IRAK - LEGISLATIVES DU 11 NOVEMBRE

Urnes de la dernière chance : les coalitions irakiennes à l’épreuve

Entre chaos et espoir : le poids de l’histoire électorale

L’histoire électorale de l’Irak depuis la chute de Saddam Hussein est une chronique d’espoirs et de déceptions qui éclaire le scrutin du 11 novembre 2025. En janvier 2005, sous occupation américaine, les Irakiens ont voté pour la première fois librement et ont élu une Assemblée nationale dominée par l’Alliance irakienne unifiée, majoritairement chiite, qui a ensuite rédigé la Constitution. Les élections de 2010 et 2014 se sont déroulées dans un climat de violence avec l’insurrection d’Al-Qaïda puis l’essor de l’organisation État islamique, mais elles ont maintenu la dynamique d’un Parlement multipartite. En 2018, l’alliance inédite entre Moqtada al-Sadr et des partis laïques a remporté la majorité relative, sur fond de ras-le-bol contre la corruption et les influences étrangères. Les manifestations de 2019 ont néanmoins révélé l’ampleur de la colère populaire et ont conduit à des élections anticipées en 2021 pour apaiser la contestation. Ce scrutin a été marqué par la percée des sadristes, qui ont obtenu soixante-treize sièges, avant de boycotter le Parlement un an plus tard et de provoquer la montée du Cadre de coordination, une coalition chiite pro-iranienne. La succession de scrutins a montré que les équilibres se renouvellent sans cesse, mais que les lignes de fracture confessionnelles et régionales demeurent.

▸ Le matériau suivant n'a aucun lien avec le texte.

(* Every r in [s/(2n), 1/2] is a limit of loop ratios: take m large, then the
   first number of bounces j bringing the ratio above r - eps. *)
Lemma loop_ratio_dense (s n C N : nat) : (1 <= n)%nat -> (s <= n)%nat -> (C <= N)%nat ->
  forall r eps, INR s / (2 * INR n) <= r <= 1 / 2 -> eps > 0 ->
  exists m j, (1 <= m)%nat /\ Rabs (loop_ratio s n C N m j - r) < eps.
Proof.
  intros Hn Hs HCN r eps Hr He.
  pose proof (pos_INR C). pose proof (pos_INR N).
  destruct (nat_above ((INR C + INR N + 2) / eps)) as [m0 Hm0].
  set (m := S m0).
  assert (Hm1 : (1 <= m)%nat) by (unfold m; lia).
  assert (Hm : INR m > (INR C + INR N + 2) / eps) by (unfold m; rewrite S_INR; lra).
  assert (Hmpos : INR m >= 1) by (unfold m; rewrite S_INR; pose proof (pos_INR m0); lra).
  assert (Hme : INR C + INR N + 2 < eps * INR m).
  { apply (Rmult_lt_compat_l eps) in Hm; auto.
    replace (eps * ((INR C + INR N + 2) / eps)) with (INR C + INR N + 2) in Hm by (field; lra). lra. }
  assert (Hstart := loop_ratio_start s n C N m Hn Hs HCN Hm1).
  assert (Hsmall : (INR C + INR N) / (2 * INR m) < eps).
  { apply (Rmult_lt_reg_r (2 * INR m)); [nra|]. unfold Rdiv.
    rewrite Rmult_assoc, Rinv_l, Rmult_1_r by nra. nra. }
  assert (Hinv : 1 / INR m < eps).
  { apply (Rmult_lt_reg_r (INR m)); [lra|]. unfold Rdiv. rewrite Rmult_assoc, Rinv_l by lra. nra. }
  exists m.
  destruct (Rle_dec r (loop_ratio s n C N m 0)) as [Hc|Hc].
  { exists 0%nat. split; auto.
    unfold Rabs at 1. destruct Rcase_abs; [lra|].
    unfold Rabs in Hstart; destruct Rcase_abs in Hstart; lra. }
  destruct (loop_ratio_near_half s n C N m Hn Hs HCN Hm1 eps He) as [J HJ].
  destruct (least_nat (fun j => loop_ratio s n C N m j > r - eps) J) as [j [_ [Pj Hmin]]]; [lra|].
  exists j. split; auto.
  destruct j as [|j'].
  - unfold Rabs; destruct Rcase_abs; lra.
  - assert (loop_ratio s n C N m j' <= r - eps) by (apply Rnot_gt_le, (Hmin j'); lia).
    pose proof (loop_ratio_step s n C N m Hn Hs HCN Hm1 j').
    unfold Rabs; destruct Rcase_abs; lra.
Qed.

Definition hull (x y : R) : R * R := (Rmin x y, Rmax x y).

Lemma hull_covers (g : R -> R) x y : continuity g -> covers g (hull x y) (hull (g x) (g y)).
Proof.
  intros Hg w Hw. unfold in_int, hull in *; simpl in *.
  destruct (Rle_dec x y) as [L|L].
  - destruct (IVT_cor (fun z => g z - w) x y) as [z [Hz Hz']];
      [apply continuity_sub_const; auto | auto | |].
    + unfold Rmin, Rmax in Hw. destruct Rle_dec in Hw; nra.
    + exists z. unfold Rmin, Rmax. destruct Rle_dec; split; lra.
  - destruct (IVT_cor (fun z => g z - w) y x) as [z [Hz Hz']];
      [apply continuity_sub_const; auto | lra | |].
    + unfold Rmin, Rmax in Hw. destruct Rle_dec in Hw; nra.
    + exists z. unfold Rmin, Rmax. destruct Rle_dec; split; lra.
Qed.

(** * 3. Maps of [0,1] with a unique fixed point *)

Section UniqueFixedPoint.

Variables (f : R -> R) (a : R).
Hypothesis Hmap : maps_unit f.
Hypothesis Hcont : continuous_on_unit f.
Hypothesis Ha : 0 <= a <= 1.
Hypothesis Hfa : f a = a.
Hypothesis Huniq : forall z, 0 <= z <= 1 -> f z = z -> z = a.

Definition span (z : R) : R * R := hull z a.

(* Left of a, f moves points right: f - id has no zero on [0,a) and f 0 > 0. *)
Lemma moves_right z : 0 <= z <= 1 -> z < a -> f z > z.
Proof.
  intros Hz Hza.
  destruct (Rlt_dec z (f z)) as [h|h]; auto. exfalso.
  assert (f z <> z) by (intro E; apply Huniq in E; auto; lra).
  assert (f 0 > 0).
  { destruct (Hmap 0) as [h1 h2]; [lra|].
    destruct (Req_dec_T (f 0) 0) as [E|E]; [apply Huniq in E; lra | lra]. }
  destruct (IVT_cor (fun y => extend f y - y) 0 z) as [w [Hw Hw']].
  - apply continuity_minus; [apply extend_continuity; auto | apply derivable_continuous, derivable_id].
  - lra.
  - rewrite !extend_eq; lra || nra.
  - rewrite extend_eq in Hw' by lra. assert (w = a) by (apply Huniq; lra). lra.
Qed.

Lemma moves_left z : 0 <= z <= 1 -> a < z -> f z < z.
Proof.
  intros Hz Hza.
  destruct (Rlt_dec (f z) z) as [h|h]; auto. exfalso.
  assert (f z <> z) by (intro E; apply Huniq in E; auto; lra).
  assert (f 1 < 1).
  { destruct (Hmap 1) as [h1 h2]; [lra|].
    destruct (Req_dec_T (f 1) 1) as [E|E]; [apply Huniq in E; lra | lra]. }
  destruct (IVT_cor (fun y => extend f y - y) z 1) as [w [Hw Hw']].
  - apply continuity_minus; [apply extend_continuity; auto | apply derivable_continuous, derivable_id].
  - lra.
  - rewrite !extend_eq; lra || nra.
  - rewrite extend_eq in Hw' by lra. assert (w = a) by (apply Huniq; lra). lra.
Qed.

Lemma iter_unit n y : 0 <= y <= 1 -> 0 <= iter f n y <= 1.
Proof. intros Hy. induction n; simpl; auto. Qed.

Lemma iter_extend n y : 0 <= y <= 1 -> iter (extend f) n y = iter f n y.
Proof.
  intros Hy. induction n; simpl; auto. rewrite IHn. apply extend_eq, iter_unit; auto.
Qed.

Lemma span_covers_image z : 0 <= z <= 1 -> covers (extend f) (span z) (span (f z)).
Proof.
  intros Hz. unfold span. pose proof (hull_covers (extend f) z a (extend_continuity f Hcont)) as C.
  rewrite !extend_eq, Hfa in C; auto.
Qed.

Lemma span_mono z w : (z <= w <= a) \/ (a <= w <= z) -> subint (span w) (span z).
Proof. intros Hc y. unfold in_int, span, hull, Rmin, Rmax; simpl. repeat destruct Rle_dec; lra. Qed.

(* Which side of a a point lies on ([true] = right). *)
Definition side (z : R) : bool := if Rlt_dec a z then true else false.

Lemma side_span z w : in_int (span z) w -> w <> a -> z <> a -> side w = side z.
Proof.
  unfold in_int, span, hull, side, Rmin, Rmax. simpl. intros Hw h1 h2.
  destruct (Rle_dec z a); destruct Hw; destruct (Rlt_dec a w); destruct (Rlt_dec a z); auto; lra.
Qed.

Lemma sign_change_side w : 0 <= w <= 1 -> w <> a -> f w <> a ->
  sign_change f w = if Bool.eqb (side w) (side (f w)) then 0%nat else 1%nat.
Proof.
  intros Hw Hwa Hfwa. assert (Hfw := Hmap w Hw).
  unfold sign_change, side.
  destruct (Rlt_dec a w) as [h1|h1]; destruct (Rlt_dec a (f w)) as [h2|h2]; simpl.
  - pose proof (moves_left w Hw h1). pose proof (moves_left (f w) Hfw h2).
    destruct Rlt_dec; auto; nra.
  - pose proof (moves_left w Hw h1). pose proof (moves_right (f w) Hfw ltac:(lra)).
    destruct Rlt_dec; auto; nra.
  - pose proof (moves_right w Hw ltac:(lra)). pose proof (moves_left (f w) Hfw h2).
    destruct Rlt_dec; auto; nra.
  - pose proof (moves_right w Hw ltac:(lra)). pose proof (moves_right (f w) Hfw ltac:(lra)).
    destruct Rlt_dec; auto; nra.
Qed.

Lemma periodic_avoids_fixed y N : y <> a -> (1 <= N)%nat -> iter f N y = y ->
  forall t, iter f t y <> a.
Proof.
  intros Hya HN HNy t Ht. apply Hya. rewrite <- (iter_mul f y N (S t)) by auto.
  replace (S t * N)%nat with ((S t * N - t) + t)%nat by nia.
  rewrite iter_add, Ht, iter_fixed; auto.
Qed.

(** * 4. Counting side switches along loops *)

Lemma num_sc_cons y n : num_sc_aux f y (S n) = (sign_change f y + num_sc_aux f (f y) n)%nat.
Proof.
  induction n; [simpl; lia|].
  change (num_sc_aux f y (S (S n)))
    with (num_sc_aux f y (S n) + sign_change f (iter f (S n) y))%nat.
  rewrite IHn. simpl (num_sc_aux f (f y) (S n)). rewrite iter_S. lia.
Qed.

Au lendemain des élections de 2021, le premier ministre Mustafa al-Kadhimi a laissé place à Mohammed Chia al-Soudani, issu du Cadre de coordination, après plusieurs mois de tractations. Son gouvernement a fixé la date du vote de 2025 et a promis un processus transparent. Les autorités rappellent que la Constitution impose une nouvelle législature avant le 8 janvier 2026, ce qui confère au calendrier électoral une importance constitutionnelle. Les tentatives de réformes institutionnelles, telles que l’adoption du vote électronique et des cartes biométriques lors du scrutin précédent, visent à limiter les fraudes et les manipulations qui ont entaché les précédents cycles. La Commission électorale indépendante (IHEC) affirme avoir mis à jour les logiciels et renforcé la formation de ses agents, tandis que des missions d’observation, notamment de l’ONU, sont attendues. La participation populaire reste néanmoins incertaine après des années d’abstention et de désillusion.

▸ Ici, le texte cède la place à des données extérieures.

(* The normalizer of a proper subalgebra H of R is strictly larger than H:
   apply the induction hypothesis to the commutator action of H on R / H. *)
Lemma engel_normalizer N p q (R : 'M[F]_(p, N * N)) (H : 'M[F]_(q, N * N)) :
  mx_lie_closed R -> (forall A, (A \in R)%MS -> nilmx A) ->
  (H <= R)%MS -> mx_lie_closed H -> (\rank H <= r)%N -> ~~ (R <= H)%MS ->
  exists y : 'M_N, [/\ (y \in R)%MS, ~~ (y \in H)%MS &
                     forall X, (X \in H)%MS -> (mxbr y X \in H)%MS].
Proof.
move=> cR nilR HR cH rH RH.
pose Phi := lin1_mx (fun x : 'rV[F]_(N * N) => mxvec (adm (vec_mx x))).
have mulPhi (X : 'M_N) : mxvec X *m Phi = mxvec (adm X).
  rewrite mul_rV_lin1_fun ?mxvecK // => a x z.
  by rewrite [vec_mx _]linearD linearZ /= adm_linear [mxvec _]linearD linearZ.
have memHPhi A : (A \in H *m Phi)%MS -> exists2 X, (X \in H)%MS & A = adm X.
  move=> /submxP[D E]; exists (vec_mx (D *m H)); first by rewrite vec_mxK submxMl.
  by apply: (can_inj mxvecK); rewrite E mulmxA -mulPhi vec_mxK.
have admH X : (X \in H)%MS -> (adm X \in H *m Phi)%MS.
  by move=> XH; rewrite -mulPhi submxMr.
have [v [vR vH vN]] : engel_vector (H *m Phi) R H.
  apply: IH RH; first by rewrite (leq_trans (mxrankM_maxl _ _)).
    move=> A B /memHPhi[X XH ->] /memHPhi[Y YH ->].
    by rewrite adm_mxbr admH //; apply: cH.
  move=> A /memHPhi[X XH ->]; split; last exact: stable_adm.
    by apply/adm_nil/nilR; exact: submx_trans XH HR.
  by apply: stable_adm => //; apply: submx_trans HR.
exists (vec_mx v); rewrite vec_mxK; split=> // X XH.
by rewrite -mul_adm vec_mxK vN ?admH.
Qed.

Lemma engel_upto_step : engel_upto r.+1.
Proof.
move=> N p R u w U W rR cR hR UW.
have [rRr|rRr] := leqP (\rank R) r; first exact: IH.
have nilR A : (A \in R)%MS -> nilmx A by case/hR.
(* grow a subalgebra H of R, by strong induction on the codimension *)
suff grow q (H : 'M[F]_(q, N * N)) :
    (H <= R)%MS -> mx_lie_closed H -> ~~ (R <= H)%MS -> engel_vector R U W.
  apply: (grow 1%N 0); first exact: sub0mx.
    move=> A B /submx0null/eqP; rewrite mxvec_eq0 => /eqP -> _.
    by rewrite /mxbr mul0mx mulmx0 subrr linear0 sub0mx.
  by apply/negP => /mxrankS; rewrite mxrank0 leqNgt (leq_ltn_trans _ rRr).
have [k] := ubnP (\rank R - \rank H); elim: k q H => // k IHk q H codimH HR cH RH.
have ltHR : (\rank H < \rank R)%N.
  by have /leqifP := mxrank_leqif_sup HR; rewrite (negPf RH).
have rH : (\rank H <= r)%N by lia.
have [y [yR yH yN]] := engel_normalizer cR nilR HR cH rH RH.
have cH' := lie_closed_adjoin cH yN.
have H'R : (H + mxvec y <= R)%MS by rewrite addsmx_sub HR.
have [RH'|RH'] := boolP (R <= H + mxvec y)%MS; last first.
  apply: (IHk _ (H + mxvec y)%MS) => //.
  have := rank_adjoin_lt yH; have := mxrankS H'R; lia.
apply: engel_vector_sub RH' _; have [yn yU yW] := hR y yR.
apply: engel_vector_adjoin => //; apply: IH rH cH _ UW.
by move=> A AH; apply/hR/(submx_trans AH).
Qed.

End EngelStep.

Theorem linear_engel r : engel_upto r.
Proof. by elim: r => [|r IH]; [exact: engel_upto0 | exact: engel_upto_step]. Qed.

End LinearEngel.

Section CharPoly.
Variable K : fieldType.

Lemma char_poly_sqr0 m (M : 'M[K]_m) : M *m M = 0 -> char_poly M = 'X^m.
Proof.
move=> MM.
have E : char_poly_mx M *m ('X%:M + map_mx polyC M) = ('X ^+ 2)%:M.
  rewrite /char_poly_mx mulmxDr !mulmxBl -map_mxM MM map_mx0 subr0.
  by rewrite -scalar_mxM mul_mx_scalar mul_scalar_mx subrK expr2.
have := congr1 determinant E; rewrite det_mulmx det_scalar -exprM => D.
have : char_poly M %| ('X - 0%:P) ^+ (2 * m) by rewrite subr0 -D /char_poly dvdp_mulIl.
case/dvdp_exp_XsubCP => k _.
rewrite subr0 eqp_monic ?char_poly_monic ?monicXn // => /eqP Ek.
have : size (char_poly M) = size ('X^k : {poly K}) by rewrite Ek.
by rewrite size_char_poly size_polyXn Ek => -[->].
Qed.

(* Cayley-Hamilton: characteristic polynomial X^m forces nilpotency. *)
Lemma nilmx_char_poly m (A : 'M[K]_m) : char_poly A = 'X^m -> nilmx A.
Proof.
case: m A => [|m] A E; first by exists 0%N; apply: flatmx0.
exists m.+1; have -> k : iter k (fun M => M *m A) 1%:M = A ^+ k.
  by elim: k => [//|k IH] /=; rewrite IH exprSr.
by have := Cayley_Hamilton A; rewrite E rmorphXn /= horner_mx_X.
Qed.

(* The characteristic polynomial is monic of degree m, so it equals X^m
   as soon as its lower coefficients vanish. *)
Lemma char_poly_Xn m (A : 'M[K]_m) :
  (forall s, (s < m)%N -> (char_poly A)`_s = 0) -> char_poly A = 'X^m.
Proof.
move=> H; apply/polyP => i; rewrite coefXn.
case: (ltngtP i m) => [lt|gt|->].
- by rewrite H // (ltn_eqF lt).
- by rewrite nth_default ?size_char_poly // (gtn_eqF gt).
- by have := char_poly_monic A; rewrite monicE lead_coefE size_char_poly /= => /eqP ->.
Qed.

End CharPoly.

Section Lie.
Variables (K : fieldType) (n : nat) (br : 'rV[K]_n -> 'rV[K]_n -> 'rV[K]_n).
Hypothesis Hlie : is_lie_bracket br.

Local Notation ad := (ad_mx br).

Lemma br_linl x : linear_fun (br^~ x).
Proof. by case: Hlie => linl _ _ _ a u v; apply: linl. Qed.

Lemma br_linr x : linear_fun (br x).
Proof. by case: Hlie => _ linr _ _ a u v; apply: linr. Qed.

Lemma brxx x : br x x = 0.
Proof. by case: Hlie. Qed.

Lemma jacobi x y z : br x (br y z) + br y (br z x) + br z (br x y) = 0.
Proof. by case: Hlie. Qed.

Lemma mul_ad x w : w *m ad x = br x w.
Proof. by rewrite /ad_mx mul_rV_lin1_fun //; apply: br_linr. Qed.

(* Antisymmetry, from bilinearity and [x, x] = 0. *)
Lemma br_anti x y : br x y = - br y x.
Proof.
have := brxx (x + y).
rewrite (linear_funD (br_linl _)) !(linear_funD (br_linr _)) !brxx add0r addr0.
by move/eqP; rewrite addr_eq0 => /eqP.
Qed.

Lemma brNr x y : br x (- y) = - br x y.
Proof. by rewrite -scaleN1r (linear_funZ (br_linr _)) scaleN1r. Qed.

Lemma brNl x y : br (- x) y = - br x y.
Proof. by rewrite -scaleN1r (linear_funZ (br_linl _)) scaleN1r. Qed.

Lemma ad_linear a x y : ad (a *: x + y) = a *: ad x + ad y.
Proof. by apply/eqP/mulmxP => u; rewrite mulmxDr -scalemxAr !mul_ad (br_linl u). Qed.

Le contexte sécuritaire continue d’influencer la compétition politique. Si l’État islamique a perdu ses bastions, ses cellules actives dans le nord et l’ouest demeurent une menace. Les attentats sporadiques et les tensions entre milices rivales rappellent la fragilité de l’ordre public. Les années précédentes ont également été marquées par des assassinats de militants, des enlèvements et des intimidations visant des candidats indépendants. La perspective d’un scrutin organisé en novembre, alors que les températures se font plus clémentes, répond à des impératifs logistiques et sécuritaires. Les autorités prévoient un vote spécial deux jours plus tôt pour les forces de sécurité, afin de libérer des troupes pour la protection des bureaux de vote le jour du scrutin général.

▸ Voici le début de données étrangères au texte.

Lemma dyad_incl_level k j k' j' : incl (dyad k j) (dyad k' j') -> (k' <= k)%nat.
Proof.
  intros Hi. destruct (Nat.le_gt_cases k' k) as [|Hlt]; auto. exfalso.
  pose proof (dyad_left_end k j) as Hx. set (x := INR j / 2 ^ k) in *.
  assert (Hx' := Hi x Hx).
  set (c1 := (j' / 2 ^ (k' - S k))%nat).
  assert (H1 : dyad (S k) c1 x).
  { apply dyad_ancestor. replace (S k + (k' - S k))%nat with k' by lia. auto. }
  assert (Hi1 : incl (dyad k' j') (dyad (S k) c1)) by (eapply dyad_nested; eauto; lia).
  (* [I_{k',j'}] lies in one child of [I_{k,j}]; the left end of the other child escapes it. *)
  set (c2 := if Nat.eq_dec c1 (2 * j) then (2 * j + 1)%nat else (2 * j)%nat).
  assert (Hc : c1 = (2 * j)%nat \/ c1 = (2 * j + 1)%nat).
  { destruct (dyad_children_cover _ _ _ Hx) as [H|H]; [left|right];
      eapply dyad_index_unique; eauto. }
  assert (Hc2 : c2 <> c1 /\ (c2 = (2 * j)%nat \/ c2 = (2 * j + 1)%nat)).
  { unfold c2. destruct (Nat.eq_dec c1 (2 * j)); lia. }
  pose proof (dyad_left_end (S k) c2) as Hy.
  assert (Hyk : dyad k j (INR c2 / 2 ^ S k)).
  { apply dyad_children_incl. destruct Hc2 as [_ [E|E]]; rewrite <- E; auto. }
  apply Hi, Hi1 in Hyk. apply (proj1 Hc2). eapply dyad_index_unique; eauto.
Qed.

Lemma Borel_ext A B : Borel A -> (forall x, A x <-> B x) -> Borel B.
Proof. intros H E. rewrite <- (set_ext _ _ E). auto. Qed.

Lemma Borel_in_unit A : Borel A -> forall x, A x -> 0 <= x < 1.
Proof.
  induction 1; intros x Hx.
  - eapply dyad_in_unit; eauto.
  - tauto.
  - destruct Hx as [n Hn]. eauto.
Qed.

Lemma Borel_unit : Borel (fun x => 0 <= x < 1).
Proof.
  eapply Borel_ext. apply (Borel_dyad 0 0). unfold valid; simpl; lia.
  intros x. rewrite dyad_scaled. simpl. lra.
Qed.

Lemma Borel_empty : Borel (fun _ => False).
Proof. eapply Borel_ext. apply Borel_compl, Borel_unit. intros x; tauto. Qed.

Lemma Borel_union2 A B : Borel A -> Borel B -> Borel (fun x => A x \/ B x).
Proof.
  intros HA HB.
  eapply Borel_ext. apply (Borel_union (fun n => match n with O => A | _ => B end)).
  - intros [|n]; auto.
  - intros x; split.
    + intros [[|n] H]; auto.
    + intros [H|H]; [exists O | exists 1%nat]; auto.
Qed.

Lemma Borel_inter A B : Borel A -> Borel B -> Borel (inter A B).
Proof.
  intros HA HB. eapply Borel_ext.
  - apply Borel_compl, (Borel_union2 (fun x => 0 <= x < 1 /\ ~ A x) (fun x => 0 <= x < 1 /\ ~ B x));
      apply Borel_compl; eauto.
  - intros x; split.
    + intros [H1 H2]. split; apply NNPP; tauto.
    + intros [H1 H2]. pose proof (Borel_in_unit _ HA _ H1). tauto.
Qed.

Lemma Borel_diff A B : Borel A -> Borel B -> Borel (fun x => A x /\ ~ B x).
Proof.
  intros HA HB. eapply Borel_ext. apply Borel_inter. apply HA. apply Borel_compl, HB.
  intros x; unfold inter; split. tauto. intros [H1 H2]. pose proof (Borel_in_unit _ HA _ H1). tauto.
Qed.

Lemma Borel_finite_union n (F : nat -> R -> Prop) :
  (forall i, (i < n)%nat -> Borel (F i)) -> Borel (fun x => exists i, (i < n)%nat /\ F i x).
Proof.
  intros H. eapply Borel_ext.
  - apply (Borel_union (fun i => if Compare_dec.lt_dec i n then F i else fun _ => False)).
    intros i. destruct (Compare_dec.lt_dec i n); auto using Borel_empty.
  - intros x; split.
    + intros [i Hi]. destruct (Compare_dec.lt_dec i n); eauto. tauto.
    + intros [i [Hi Hx]]. exists i. destruct (Compare_dec.lt_dec i n); auto; lia.
Qed.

La société irakienne est divisée entre la lassitude et l’espoir. Une génération de jeunes, connectée et éduquée, aspire à des emplois, à des services et à un État de droit. Les manifestations de 2019 ont créé un espace politique pour des mouvements civils qui contestent la domination des partis religieux. Des réseaux d’activistes réclament l’abolition des quotas confessionnels et l’édification d’un État citoyen. Dans les provinces sunnites, encore meurtries par la guerre, les déplacés cherchent la restitution de leurs terres et l’aide à la reconstruction. Au Kurdistan, les querelles entre les deux grands partis et les débats sur la part des revenus pétroliers accentuent l’incertitude. Les élections de 2025 constituent ainsi un test décisif pour savoir si l’Irak peut dépasser la politique de partage des postes et se diriger vers un système fondé sur la compétence et la représentation inclusive. L’héritage des cycles précédents montre que chaque vote est un moment charnière qui peut ouvrir une brèche dans le système ou réaffirmer les mêmes équilibres. Les électeurs se préparent à choisir entre continuité et changement, en pesant l’expérience du passé et l’espoir d’un avenir meilleur. Le prochain scrutin est donc un moment crucial pour la jeune démocratie irakienne.

 

Forces et coalitions : les acteurs politiques se positionnent

Le champ politique qui se forme pour les élections de 2025 est un labyrinthe de coalitions et de partis reflétant les clivages confessionnels et régionaux. Dans le camp chiite, la nouvelle Alliance pour la reconstruction et le développement, dirigée par le premier ministre Mohammed Chia al-Soudani, fédère plusieurs formations du Cadre de coordination et cherche à se présenter comme un mouvement pragmatique centré sur la relance économique et la reconstruction des infrastructures. Son principal rival demeure la Coalition de l’État de droit conduite par l’ancien premier ministre Nouri al-Maliki, qui regroupe onze partis et conserve un socle électoral fidèle dans les provinces du sud. Le courant d’Ammar al-Hakim, rebaptisé Forces de l’État national, tente de jouer la carte de la modération et de la réforme, tandis que la liste Badr de Hadi al-Amiri mise sur sa structure politico-militaire. On retrouve également Abchir Ya Irak de Hamam Hamoudi et al-Asas d’Ali al-Mandlawi, plus petites mais susceptibles de capter des voix tribales. Ces coalitions partagent un discours axé sur la stabilité et l’amélioration des services publics, mais divergent sur le rôle de l’Iran, la place des milices et l’ouverture aux réformes.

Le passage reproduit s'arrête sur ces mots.